▶ [WHAT YOU WILL DO]: From the first record to the last, write each one out again exactly.

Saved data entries
-------------------------
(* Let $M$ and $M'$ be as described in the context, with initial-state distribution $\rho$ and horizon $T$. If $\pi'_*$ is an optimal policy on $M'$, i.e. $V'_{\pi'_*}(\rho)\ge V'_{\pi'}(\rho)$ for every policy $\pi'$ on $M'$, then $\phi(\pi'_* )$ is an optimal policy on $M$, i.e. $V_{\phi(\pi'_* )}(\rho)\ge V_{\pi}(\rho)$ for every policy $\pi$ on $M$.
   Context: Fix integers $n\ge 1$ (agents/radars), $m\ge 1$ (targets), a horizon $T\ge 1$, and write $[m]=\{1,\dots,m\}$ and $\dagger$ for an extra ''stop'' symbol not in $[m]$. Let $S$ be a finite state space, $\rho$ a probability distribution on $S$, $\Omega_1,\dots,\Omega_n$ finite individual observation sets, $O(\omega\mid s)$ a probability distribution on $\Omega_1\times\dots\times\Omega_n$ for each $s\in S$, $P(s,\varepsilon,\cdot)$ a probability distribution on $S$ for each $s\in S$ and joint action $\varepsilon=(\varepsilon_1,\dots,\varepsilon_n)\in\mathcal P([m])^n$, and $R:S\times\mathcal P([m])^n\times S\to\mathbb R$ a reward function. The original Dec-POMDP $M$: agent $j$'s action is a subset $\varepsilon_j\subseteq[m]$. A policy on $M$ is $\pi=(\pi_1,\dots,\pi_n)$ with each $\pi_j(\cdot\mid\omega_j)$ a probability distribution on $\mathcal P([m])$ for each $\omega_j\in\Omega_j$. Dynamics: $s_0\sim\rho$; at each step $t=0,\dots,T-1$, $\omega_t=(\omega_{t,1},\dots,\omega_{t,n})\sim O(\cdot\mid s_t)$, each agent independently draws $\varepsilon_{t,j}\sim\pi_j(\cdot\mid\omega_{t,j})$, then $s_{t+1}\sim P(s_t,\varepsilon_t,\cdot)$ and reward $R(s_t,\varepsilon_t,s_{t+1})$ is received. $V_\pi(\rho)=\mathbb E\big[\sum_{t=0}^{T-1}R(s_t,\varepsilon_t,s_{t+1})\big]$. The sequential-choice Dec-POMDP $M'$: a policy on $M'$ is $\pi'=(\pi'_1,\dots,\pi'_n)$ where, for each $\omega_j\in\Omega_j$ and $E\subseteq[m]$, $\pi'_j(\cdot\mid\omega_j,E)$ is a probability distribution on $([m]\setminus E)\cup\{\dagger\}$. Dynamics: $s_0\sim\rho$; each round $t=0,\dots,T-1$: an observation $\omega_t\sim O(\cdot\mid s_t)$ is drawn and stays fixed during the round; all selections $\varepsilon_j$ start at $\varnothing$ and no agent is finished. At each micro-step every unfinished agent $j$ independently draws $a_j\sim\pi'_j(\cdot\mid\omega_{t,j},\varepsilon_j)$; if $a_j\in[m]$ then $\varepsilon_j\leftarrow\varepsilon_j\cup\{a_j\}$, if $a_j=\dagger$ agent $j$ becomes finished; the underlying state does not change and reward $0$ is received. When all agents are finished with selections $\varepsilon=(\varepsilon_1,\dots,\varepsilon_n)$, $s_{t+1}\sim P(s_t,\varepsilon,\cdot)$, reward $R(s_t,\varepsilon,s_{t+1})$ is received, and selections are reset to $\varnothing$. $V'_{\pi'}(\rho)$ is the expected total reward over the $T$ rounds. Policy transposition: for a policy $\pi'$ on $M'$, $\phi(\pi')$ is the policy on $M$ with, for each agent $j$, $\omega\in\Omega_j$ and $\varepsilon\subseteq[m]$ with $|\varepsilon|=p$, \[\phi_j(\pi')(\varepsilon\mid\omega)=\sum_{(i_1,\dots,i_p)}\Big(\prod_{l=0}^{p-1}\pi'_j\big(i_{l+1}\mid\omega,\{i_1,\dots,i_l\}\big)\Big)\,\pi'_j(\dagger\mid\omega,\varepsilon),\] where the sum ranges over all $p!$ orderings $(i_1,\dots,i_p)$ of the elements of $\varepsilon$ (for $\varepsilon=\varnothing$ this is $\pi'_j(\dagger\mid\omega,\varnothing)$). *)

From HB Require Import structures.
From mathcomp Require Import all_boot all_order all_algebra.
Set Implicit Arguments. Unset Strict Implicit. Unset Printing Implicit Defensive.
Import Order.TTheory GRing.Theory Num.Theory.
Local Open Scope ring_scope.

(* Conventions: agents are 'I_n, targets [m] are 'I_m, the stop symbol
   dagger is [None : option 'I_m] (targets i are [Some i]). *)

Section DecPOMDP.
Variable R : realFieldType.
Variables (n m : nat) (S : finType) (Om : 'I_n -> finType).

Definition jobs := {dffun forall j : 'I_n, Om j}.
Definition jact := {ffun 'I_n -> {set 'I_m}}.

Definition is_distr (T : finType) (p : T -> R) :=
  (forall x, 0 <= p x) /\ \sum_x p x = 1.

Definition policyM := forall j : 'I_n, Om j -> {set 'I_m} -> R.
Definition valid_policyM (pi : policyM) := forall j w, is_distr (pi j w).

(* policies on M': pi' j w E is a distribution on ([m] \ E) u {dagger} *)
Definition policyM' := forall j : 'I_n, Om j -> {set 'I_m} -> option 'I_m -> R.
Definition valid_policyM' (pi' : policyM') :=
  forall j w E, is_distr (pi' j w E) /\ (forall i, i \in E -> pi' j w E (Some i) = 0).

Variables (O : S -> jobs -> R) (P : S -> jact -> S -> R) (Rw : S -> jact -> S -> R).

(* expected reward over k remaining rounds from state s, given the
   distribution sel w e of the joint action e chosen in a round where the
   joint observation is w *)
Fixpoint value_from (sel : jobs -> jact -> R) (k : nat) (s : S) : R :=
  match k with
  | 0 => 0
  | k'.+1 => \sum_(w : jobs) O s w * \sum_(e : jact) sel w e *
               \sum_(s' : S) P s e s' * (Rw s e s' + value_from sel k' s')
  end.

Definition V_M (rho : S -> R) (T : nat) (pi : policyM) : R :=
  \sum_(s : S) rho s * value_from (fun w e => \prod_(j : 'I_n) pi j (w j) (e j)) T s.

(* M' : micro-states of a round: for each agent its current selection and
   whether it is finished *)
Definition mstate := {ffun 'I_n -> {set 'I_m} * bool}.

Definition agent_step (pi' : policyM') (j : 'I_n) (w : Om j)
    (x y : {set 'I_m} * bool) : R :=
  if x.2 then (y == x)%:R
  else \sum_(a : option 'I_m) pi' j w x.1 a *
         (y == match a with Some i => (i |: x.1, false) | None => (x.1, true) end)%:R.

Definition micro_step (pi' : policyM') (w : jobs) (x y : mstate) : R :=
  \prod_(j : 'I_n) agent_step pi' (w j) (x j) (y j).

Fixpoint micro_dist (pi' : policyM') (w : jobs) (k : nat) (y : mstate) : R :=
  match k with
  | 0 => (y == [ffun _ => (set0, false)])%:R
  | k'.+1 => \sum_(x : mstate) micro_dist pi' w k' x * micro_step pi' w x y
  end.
-------------------------
▶ [EXERCISE RESULT]:
(* Let $M$ and $M'$ be as described in the context, with initial-state distribution $\rho$ and horizon $T$. If $\pi'_*$ is an optimal policy on $M'$, i.e. $V'_{\pi'_*}(\rho)\ge V'_{\pi'}(\rho)$ for every policy $\pi'$ on $M'$, then $\phi(\pi'_* )$ is an optimal policy on $M$, i.e. $V_{\phi(\pi'_* )}(\rho)\ge V_{\pi}(\rho)$ for every policy $\pi$ on $M$.
   Context: Fix integers $n\ge 1$ (agents/radars), $m\ge 1$ (targets), a horizon $T\ge 1$, and write $[m]=\{1,\dots,m\}$ and $\dagger$ for an extra ''stop'' symbol not in $[m]$. Let $S$ be a finite state space, $\rho$ a probability distribution on $S$, $\Omega_1,\dots,\Omega_n$ finite individual observation sets, $O(\omega\mid s)$ a probability distribution on $\Omega_1\times\dots\times\Omega_n$ for each $s\in S$, $P(s,\varepsilon,\cdot)$ a probability distribution on $S$ for each $s\in S$ and joint action $\varepsilon=(\varepsilon_1,\dots,\varepsilon_n)\in\mathcal P([m])^n$, and $R:S\times\mathcal P([m])^n\times S\to\mathbb R$ a reward function. The original Dec-POMDP $M$: agent $j$'s action is a subset $\varepsilon_j\subseteq[m]$. A policy on $M$ is $\pi=(\pi_1,\dots,\pi_n)$ with each $\pi_j(\cdot\mid\omega_j)$ a probability distribution on $\mathcal P([m])$ for each $\omega_j\in\Omega_j$. Dynamics: $s_0\sim\rho$; at each step $t=0,\dots,T-1$, $\omega_t=(\omega_{t,1},\dots,\omega_{t,n})\sim O(\cdot\mid s_t)$, each agent independently draws $\varepsilon_{t,j}\sim\pi_j(\cdot\mid\omega_{t,j})$, then $s_{t+1}\sim P(s_t,\varepsilon_t,\cdot)$ and reward $R(s_t,\varepsilon_t,s_{t+1})$ is received. $V_\pi(\rho)=\mathbb E\big[\sum_{t=0}^{T-1}R(s_t,\varepsilon_t,s_{t+1})\big]$. The sequential-choice Dec-POMDP $M'$: a policy on $M'$ is $\pi'=(\pi'_1,\dots,\pi'_n)$ where, for each $\omega_j\in\Omega_j$ and $E\subseteq[m]$, $\pi'_j(\cdot\mid\omega_j,E)$ is a probability distribution on $([m]\setminus E)\cup\{\dagger\}$. Dynamics: $s_0\sim\rho$; each round $t=0,\dots,T-1$: an observation $\omega_t\sim O(\cdot\mid s_t)$ is drawn and stays fixed during the round; all selections $\varepsilon_j$ start at $\varnothing$ and no agent is finished. At each micro-step every unfinished agent $j$ independently draws $a_j\sim\pi'_j(\cdot\mid\omega_{t,j},\varepsilon_j)$; if $a_j\in[m]$ then $\varepsilon_j\leftarrow\varepsilon_j\cup\{a_j\}$, if $a_j=\dagger$ agent $j$ becomes finished; the underlying state does not change and reward $0$ is received. When all agents are finished with selections $\varepsilon=(\varepsilon_1,\dots,\varepsilon_n)$, $s_{t+1}\sim P(s_t,\varepsilon,\cdot)$, reward $R(s_t,\varepsilon,s_{t+1})$ is received, and selections are reset to $\varnothing$. $V'_{\pi'}(\rho)$ is the expected total reward over the $T$ rounds. Policy transposition: for a policy $\pi'$ on $M'$, $\phi(\pi')$ is the policy on $M$ with, for each agent $j$, $\omega\in\Omega_j$ and $\varepsilon\subseteq[m]$ with $|\varepsilon|=p$, \[\phi_j(\pi')(\varepsilon\mid\omega)=\sum_{(i_1,\dots,i_p)}\Big(\prod_{l=0}^{p-1}\pi'_j\big(i_{l+1}\mid\omega,\{i_1,\dots,i_l\}\big)\Big)\,\pi'_j(\dagger\mid\omega,\varepsilon),\] where the sum ranges over all $p!$ orderings $(i_1,\dots,i_p)$ of the elements of $\varepsilon$ (for $\varepsilon=\varnothing$ this is $\pi'_j(\dagger\mid\omega,\varnothing)$). *)

From HB Require Import structures.
From mathcomp Require Import all_boot all_order all_algebra.
Set Implicit Arguments. Unset Strict Implicit. Unset Printing Implicit Defensive.
Import Order.TTheory GRing.Theory Num.Theory.
Local Open Scope ring_scope.

(* Conventions: agents are 'I_n, targets [m] are 'I_m, the stop symbol
   dagger is [None : option 'I_m] (targets i are [Some i]). *)

Section DecPOMDP.
Variable R : realFieldType.
Variables (n m : nat) (S : finType) (Om : 'I_n -> finType).

Definition jobs := {dffun forall j : 'I_n, Om j}.
Definition jact := {ffun 'I_n -> {set 'I_m}}.

Definition is_distr (T : finType) (p : T -> R) :=
  (forall x, 0 <= p x) /\ \sum_x p x = 1.

Definition policyM := forall j : 'I_n, Om j -> {set 'I_m} -> R.
Definition valid_policyM (pi : policyM) := forall j w, is_distr (pi j w).

(* policies on M': pi' j w E is a distribution on ([m] \ E) u {dagger} *)
Definition policyM' := forall j : 'I_n, Om j -> {set 'I_m} -> option 'I_m -> R.
Definition valid_policyM' (pi' : policyM') :=
  forall j w E, is_distr (pi' j w E) /\ (forall i, i \in E -> pi' j w E (Some i) = 0).

Variables (O : S -> jobs -> R) (P : S -> jact -> S -> R) (Rw : S -> jact -> S -> R).

(* expected reward over k remaining rounds from state s, given the
   distribution sel w e of the joint action e chosen in a round where the
   joint observation is w *)
Fixpoint value_from (sel : jobs -> jact -> R) (k : nat) (s : S) : R :=
  match k with
  | 0 => 0
  | k'.+1 => \sum_(w : jobs) O s w * \sum_(e : jact) sel w e *
               \sum_(s' : S) P s e s' * (Rw s e s' + value_from sel k' s')
  end.

Definition V_M (rho : S -> R) (T : nat) (pi : policyM) : R :=
  \sum_(s : S) rho s * value_from (fun w e => \prod_(j : 'I_n) pi j (w j) (e j)) T s.

(* M' : micro-states of a round: for each agent its current selection and
   whether it is finished *)
Definition mstate := {ffun 'I_n -> {set 'I_m} * bool}.

Definition agent_step (pi' : policyM') (j : 'I_n) (w : Om j)
    (x y : {set 'I_m} * bool) : R :=
  if x.2 then (y == x)%:R
  else \sum_(a : option 'I_m) pi' j w x.1 a *
         (y == match a with Some i => (i |: x.1, false) | None => (x.1, true) end)%:R.

Definition micro_step (pi' : policyM') (w : jobs) (x y : mstate) : R :=
  \prod_(j : 'I_n) agent_step pi' (w j) (x j) (y j).

Fixpoint micro_dist (pi' : policyM') (w : jobs) (k : nat) (y : mstate) : R :=
  match k with
  | 0 => (y == [ffun _ => (set0, false)])%:R
  | k'.+1 => \sum_(x : mstate) micro_dist pi' w k' x * micro_step pi' w x y
  end.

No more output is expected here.